Extract, exactly as written, all lines of the material below from the line that includes "galpha : gE -> gV;" through its last line.

> [Data extracts]:
....
(* A pseudovariety of semigroupoids $\mathsf V$ is equidivisible if and only if $\overline{\Omega}_A\mathsf V$ is equidivisible for every finite-vertex graph $A$.
   Context: A semigroupoid is a graph (vertices, edges, source/range maps $\alpha,\omega$) with associative partial multiplication $st$ defined iff $\alpha(s)=\omega(t)$; $S^I$ is $S$ with a local identity adjoined at each vertex. $S$ is equidivisible if whenever $uv=xy$ for edges $u,v,x,y$, there is $t\in E(S^I)$ with either ($ut=x$ and $v=ty$) or ($xt=u$ and $y=tv$). A pseudovariety of semigroupoids (class of finite semigroupoids closed under divisors, finite direct products, finite coproducts) $\mathsf V$ is equidivisible if the free pro-$\mathsf V$ semigroupoid $\overline{\Omega}_A\mathsf V$ is equidivisible for every finite graph $A$ (finitely many vertices and edges). Finite-vertex graphs may have infinitely many edges. *)

From Stdlib Require Import List ProofIrrelevance.


Record graph := Graph {
  gV : Type;
  gE : Type;
  galpha : gE -> gV;
  gomega : gE -> gV
}.

Definition finite_type (T : Type) : Prop := exists l : list T, forall x, In x l.

Definition finite_graph (A : graph) : Prop := finite_type (gV A) /\ finite_type (gE A).
Definition finite_vertex_graph (A : graph) : Prop := finite_type (gV A).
....
> [Written answer]:
  galpha : gE -> gV;
  gomega : gE -> gV
}.

Definition finite_type (T : Type) : Prop := exists l : list T, forall x, In x l.

Definition finite_graph (A : graph) : Prop := finite_type (gV A) /\ finite_type (gE A).
Definition finite_vertex_graph (A : graph) : Prop := finite_type (gV A).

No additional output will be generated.